- Palazzo del Governo, the provincial seat
- Flag Seal
- Location of the province of Chieti in Italy
- Coordinates: 42°21′N 14°10′E﻿ / ﻿42.350°N 14.167°E
- Country: Italy
- Region: Abruzzo
- Capital(s): Chieti
- Municipalities: 104

Government
- • President: Francesco Menna (PD)

Area
- • Total: 2,599.58 km^{2} (1,003.70 sq mi)

Population (2026)
- • Total: 369,059
- • Density: 141.969/km^{2} (367.697/sq mi)

GDP
- • Total: €9.551 billion (2015)
- • Per capita: €24,374 (2015)
- Time zone: UTC+1 (CET)
- • Summer (DST): UTC+2 (CEST)
- Postal code: 66010-66012, 66014-66023, 66026, 66030-66034, 66036-66038, 66040-66043, 66045-66047, 66050-66052, 66054
- Telephone prefix: 085, 0871, 0872, 0873
- Vehicle registration: CH
- ISTAT code: 069

= Province of Chieti =

The Province of Chieti (provincia di Chieti; Abruzzese: pruvìngie de Chjìte) is a province in the region of Abruzzo in southern Italy. Its provincial capital is the homonymous city of Chieti. The province has a population of 369,059 in an area of 2599.58 km2 across its 104 municipalities. Its provincial president is Francesco Menna.

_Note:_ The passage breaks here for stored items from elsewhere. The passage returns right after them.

Lemma eigenvalue_adjmxP e mu :
  reflect (exists2 p : T -> F, (forall y, \sum_x p x * (e x y)%:R = mu * p y) &
                              exists y, p y != 0)
          (eigenvalue (adjmx F e) mu).
Proof.
apply: (iffP eigenvalueP) => [[r rA r_neq0] | [p pA [y0 py0]]].
  exists (fun x => r 0 (enum_rank x)); last exact: row_neq0_enum.
  by move=> y; rewrite -mul_row_adjmx rA !mxE.
exists (\row_i p (enum_val i)).
  apply/rowP => j; rewrite -[j]enum_valK mul_row_adjmx !mxE !enum_rankK -(pA (enum_val j)).
  by apply: eq_bigr => x _; rewrite mxE enum_rankK.
by apply: contraNneq py0 => /rowP/(_ (enum_rank y0)); rewrite !mxE enum_rankK => ->.
Qed.

Lemma lapmx_regular e k : (forall x, deg e x = k) -> lapmx F e = k%:R%:M - adjmx F e.
Proof.
by move=> ek; apply/matrixP => i j; rewrite !mxE ek; case: (i == j); rewrite ?mul1r ?mul0r.
Qed.

Lemma regular_eigenvalue e k : symmetric e -> (forall x, deg e x = k) -> T ->
  eigenvalue (adjmx F e) k%:R.
Proof.
move=> e_sym ek y0; apply/eigenvalue_adjmxP; exists (fun=> 1); last by exists y0; rewrite oner_eq0.
by move=> y; rewrite mulr1 -(ek y) deg_sum natr_sum; apply: eq_bigr => x _; rewrite mul1r e_sym.
Qed.

Definition fun_mx (g : T -> T) : 'M[F]_#|T| :=
  \matrix_(i, j) (enum_val j == g (enum_val i))%:R.

Variable g : T -> T.
Hypothesis gK : involutive g.

Lemma mul_row_fun_mx r y : (r *m fun_mx g) 0 (enum_rank y) = r 0 (enum_rank (g y)).
Proof.
rewrite mxE sum_enum_rank (bigD1 (g y)) //= !mxE !enum_rankK gK eqxx mulr1 big1 ?addr0 //.
move=> x gyx; rewrite !mxE !enum_rankK; case: eqP => [yE | _]; last by rewrite mulr0.
by rewrite yE gK eqxx in gyx.
Qed.

Lemma fun_mx_evec a : fun_mx g *m evec F a = evec F (g a).
Proof.
apply/matrixP => i j; rewrite !mxE (bigD1 (enum_rank a)) //= big1 ?addr0; last first.
  by move=> l /negbTE la; rewrite !mxE la mulr0.
rewrite !mxE ord1 !eqxx mulr1 enum_rankK andbT.
suff -> : (a == g (enum_val i)) = (i == enum_rank (g a)) by [].
by apply/eqP/eqP => [-> | ->]; rewrite ?gK ?enum_valK // enum_rankK gK.
Qed.

End GraphMatrices.

Lemma lapmx_normal (C : numClosedFieldType) (T : finType) (e : rel T) :
  symmetric e -> lapmx C e \is normalmx.
Proof.
move=> e_sym; apply: symmetric_normalmx.
  apply/is_hermitianmxP; rewrite expr0 scale1r; apply/matrixP => i j.
  by rewrite !mxE e_sym eq_sym; case: eqP => [-> | _]; rewrite ?mul0r.
by apply/mxOverP => i j; rewrite !mxE realB // ?realM ?realn.
Qed.

Lemma ord2P (l : 'I_2) : l = ord0 \/ l = ord_max.
Proof. by case: l => -[|[|//]] lt_l2; [left | right]; apply: val_inj. Qed.

Lemma rev_ord2_0 : rev_ord (ord0 : 'I_2) = ord_max. Proof. exact: val_inj. Qed.
Lemma rev_ord2_max : rev_ord (ord_max : 'I_2) = ord0. Proof. exact: val_inj. Qed.

Lemma big_ord2 (V : nmodType) (G : 'I_2 -> V) : \sum_i G i = G ord0 + G ord_max.
Proof. by rewrite big_ord_recl big_ord1; congr (_ + G _); apply: val_inj. Qed.

Lemma big_pair (V : nmodType) (I J : finType) (G : I * J -> V) :
  \sum_p G p = \sum_i \sum_j G (i, j).
Proof. by rewrite (pair_bigA _ (fun i j => G (i, j))); apply: eq_bigr => -[]. Qed.

Definition layer_swap {U : Type} (v : 'I_2 * U) : 'I_2 * U := (rev_ord v.1, v.2).

Lemma layer_swapK (U : Type) : involutive (@layer_swap U).
Proof. by move=> [l x]; rewrite /layer_swap rev_ordK. Qed.

Section BlowupProduct.
Variables (U T : finType).

Lemma deg_blowup2 (G : rel U) v : deg (blowup2 G) v = (deg G v.2).*2.
Proof. by rewrite !deg_sum big_pair big_ord2 -addnn. Qed.

Lemma deg_dprod_K2 (e : rel T) v : deg (dprod_graph K2 e) v = deg e v.2.
Proof.
rewrite !deg_sum big_pair big_ord2 /dprod_graph /K2 /=.
by case: (ord2P v.1) => ->; rewrite eqxx /= big1_eq ?add0r ?addr0.
Qed.

Variable F : numFieldType.

Lemma sum_blowup2 (G : rel U) (f : 'I_2 * U -> F) w :
  \sum_v f v * (blowup2 G v w)%:R = \sum_x (f (ord0, x) + f (ord_max, x)) * (G x w.2)%:R.
Proof. by rewrite big_pair big_ord2 -big_split; apply: eq_bigr => x _; rewrite mulrDl. Qed.

Lemma sum_dprod_K2 (e : rel T) (g : 'I_2 * T -> F) w :
  \sum_v g v * (dprod_graph K2 e v w)%:R = \sum_x g (rev_ord w.1, x) * (e x w.2)%:R.
Proof.
rewrite big_pair big_ord2 /dprod_graph /K2 /=.
case: (ord2P w.1) => -> /=; rewrite ?rev_ord2_0 ?rev_ord2_max.
  by rewrite [X in X + _]big1 ?add0r // => x _; rewrite mulr0.
by rewrite [X in _ + X]big1 ?addr0 // => x _; rewrite mulr0.
Qed.

Lemma dprod_K2_eigenvalue (e : rel T) mu :
  eigenvalue (adjmx F (dprod_graph K2 e)) mu ->
  eigenvalue (adjmx F e) mu \/ eigenvalue (adjmx F e) (- mu).
Proof.
move=> /eigenvalue_adjmxP[g g_eig [[i y0] g_neq0]].
have g_eq l y : \sum_x g (rev_ord l, x) * (e x y)%:R = mu * g (l, y).
  by rewrite -(sum_dprod_K2 _ _ (l, y)) g_eig.
pose p x := g (ord0, x) + g (ord_max, x).
pose q x := g (ord0, x) - g (ord_max, x).
have [p_y0 | q_y0] : p y0 != 0 \/ q y0 != 0.
  apply/orP; rewrite -negb_and; apply: contra g_neq0 => /andP[/eqP p0 /eqP q0].
  have g0 : g (ord0, y0) = 0.
    have : g (ord0, y0) *+ 2 = p y0 + q y0 by rewrite /p /q mulr2n addrACA subrr addr0.
    by rewrite p0 q0 addr0 => /eqP; rewrite mulrn_eq0 => /eqP.
  have g1 : g (ord_max, y0) = 0 by move: p0; rewrite /p g0 add0r.
  by case: (ord2P i) => ->; apply/eqP.
- left; apply/eigenvalue_adjmxP; exists p; last by exists y0.
  move=> y; rewrite /p mulrDr -(g_eq ord0) -(g_eq ord_max) rev_ord2_0 rev_ord2_max.
  rewrite addrC -big_split /=.
  by apply: eq_bigr => x _; rewrite mulrDl.
- right; apply/eigenvalue_adjmxP; exists q; last by exists y0.
  move=> y; rewrite /q mulNr -mulrN opprB mulrBr -(g_eq ord0) -(g_eq ord_max).
  rewrite rev_ord2_0 rev_ord2_max -sumrB.
  by apply: eq_bigr => x _; rewrite mulrBl.
Qed.

Lemma blowup2_eigen (G : rel U) (f : 'I_2 * U -> F) lam :
  ~ eigenvalue (adjmx F G) 0 ->
  (forall w, \sum_v f v * (blowup2 G v w)%:R = lam * f w) -> (exists w, f w != 0) ->
  (lam = 0 /\ forall w, f (layer_swap w) = - f w) \/
  (eigenvalue (adjmx F G) (lam / 2) /\ forall w, f (layer_swap w) = f w).
Proof.
move=> G_0 f_eig [w0 fw0].
pose s x := f (ord0, x) + f (ord_max, x).
have f_eq w : lam * f w = \sum_x s x * (G x w.2)%:R by rewrite -f_eig sum_blowup2.
have swapE w : f (layer_swap w) = s w.2 - f w.
  case: w => l x; rewrite /s /layer_swap /=.
  by case: (ord2P l) => ->; rewrite ?rev_ord2_0 ?rev_ord2_max ?addrK // addrC addKr.
have [/forallP s0 | /forallPn[x0 sx0]] := boolP [forall x, s x == 0].
  left; split; last by move=> w; rewrite swapE (eqP (s0 _)) sub0r.
  apply/eqP; have : lam * f w0 == 0.
    by rewrite f_eq big1 // => x _; rewrite (eqP (s0 x)) mul0r.
  by rewrite mulf_eq0 (negbTE fw0) orbF.
have lam_f y : lam * f (ord_max, y) = lam * f (ord0, y) by rewrite !f_eq.
have s_eig : eigenvalue (adjmx F G) (lam / 2).
  apply/eigenvalue_adjmxP; exists s => [y | ]; last by exists x0.
  rewrite -(f_eq (ord0, y)) /s mulrDr (mulrAC lam _ (f (ord0, y))).
  by rewrite (mulrAC lam _ (f (ord_max, y))) lam_f -splitr.
right; split => // w.
have lam_neq0 : lam != 0.
  by apply/eqP => lam0; apply: G_0; move: s_eig; rewrite lam0 mul0r.
rewrite swapE /s; case: w => l x /=.
by case: (ord2P l) => ->; rewrite ?(mulfI lam_neq0 (lam_f x)) ?addrK // -addrA subrr addr0.
Qed.
(* Let $f\colon R\to S$ be a ring homomorphism. Assume that every semiprime factor ring of $R$ and of $S$ is left or right Goldie, and that the prime radical of every factor ring of $R$ and of $S$ is nilpotent. (1) The following are equivalent: (i) $\lambda$ is a left adjoint to $\rho$; (ii) the correspondence $\mathbf r\colon \operatorname{Spec} S\to\operatorname{Spec} R$ is single-valued (i.e. $\mathbf r P$ is a one-element set for every $P\in\operatorname{Spec} S$), $\mathbf r$ is continuous, and $\mathbf r^{[-1]}V_R(I)=V_S(I^S)$ for all ideals $I$ of $R$. (2) If moreover $S$ is left noetherian, then (i), (ii) and the following are all equivalent: (iii) for each $Q\in\operatorname{Spec} R$ there is a positive integer $t$ such that $f(Q)^tS\subseteq Sf(Q)$; (iv) for each ideal $I$ of $R$ there is a positive integer $t$ such that $f(I)^tS\subseteq Sf(I)$.
   Context: Rings are associative with identity, not necessarily commutative. For a ring $A$, $\operatorname{Spec} A$ is the set of prime ideals with the Zariski topology, whose closed sets are $V_A(X)=\{P\in\operatorname{Spec} A: P\supseteq X\}$ for $X\subseteq A$. For $U\subseteq \operatorname{Spec} A$, $I(U)$ denotes the intersection of the primes in $U$. $\operatorname{SPEC} A$ denotes the category whose objects are the closed subsets of $\operatorname{Spec} A$ and whose morphisms are inclusions. For a ring homomorphism $f\colon R\to S$: the correspondence $\mathbf r$ assigns to each $P\in\operatorname{Spec} S$ the set $\mathbf r P$ of prime ideals of $R$ minimal over $f^{-1}(P)$. For $V\subseteq\operatorname{Spec} R$, $\mathbf r^{[-1]}V=\{P\in\operatorname{Spec} S:\mathbf rP\subseteq V\}$; $\mathbf r$ is called continuous if $\mathbf r^{[-1]}V$ is closed in $\operatorname{Spec} S$ for every closed $V\subseteq \operatorname{Spec} R$. For an ideal $I$ of $R$, $I^S=\operatorname{ann}_S(S/Sf(I))$ (annihilator of the left $S$-module $S/Sf(I)$). The functor $\lambda\colon\operatorname{SPEC} S\to\operatorname{SPEC} R$ sends $V$ to $V_R(f^{-1}(I(V)))$, and $\rho\colon \operatorname{SPEC} R\to\operatorname{SPEC} S$ sends $V$ to $V_S(I(V)^S)$. ''$\lambda$ is a left adjoint to $\rho$'' means: for all closed $U\subseteq\operatorname{Spec} S$ and closed $V\subseteq\operatorname{Spec} R$, $\lambda U\subseteq V \iff U\subseteq \rho V$. *)

(* rings are pzRingType (associative, with 1, possibly the
   zero ring); subsets are classical sets `set T` from mathcomp-classical. *)
From HB Require Import structures.
From mathcomp Require Import all_boot all_order all_algebra.
From mathcomp Require Import boolp classical_sets.
Set Implicit Arguments. Unset Strict Implicit. Unset Printing Implicit Defensive.
Import GRing.Theory.
Local Open Scope ring_scope.
Local Open Scope classical_set_scope.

Chieti's cathedral was first constructed during the 9th century but was reconstructed during the 13th century. The province contains the National Archaeology Museum of Abruzzo, in Italian the Museo Archeologico Nazionale d'Abruzzo, which contains items from the area prior to Roman rule.

==History==
It was first settled by the Osci people near the Pescara River. In around 1000 BCE it was conquered by Marsi and Marrucini people. The city was also lived in by the Greeks, who named it Teate. It was conquered by the Romans in 305 BCE but after the fall of Rome in 476 CE, Theodoric the Great gained ownership of the city and it was subsequently used as a Lombard fortress. The city was then owned by the Franks, the Normans, the Hohenstaufen, the Angevins and Aragonese rulers until strong control over the city was gained by Charles V of France. Chieti was made the capital of Abruzzo Citra under its period of rule by the House of Bourbon.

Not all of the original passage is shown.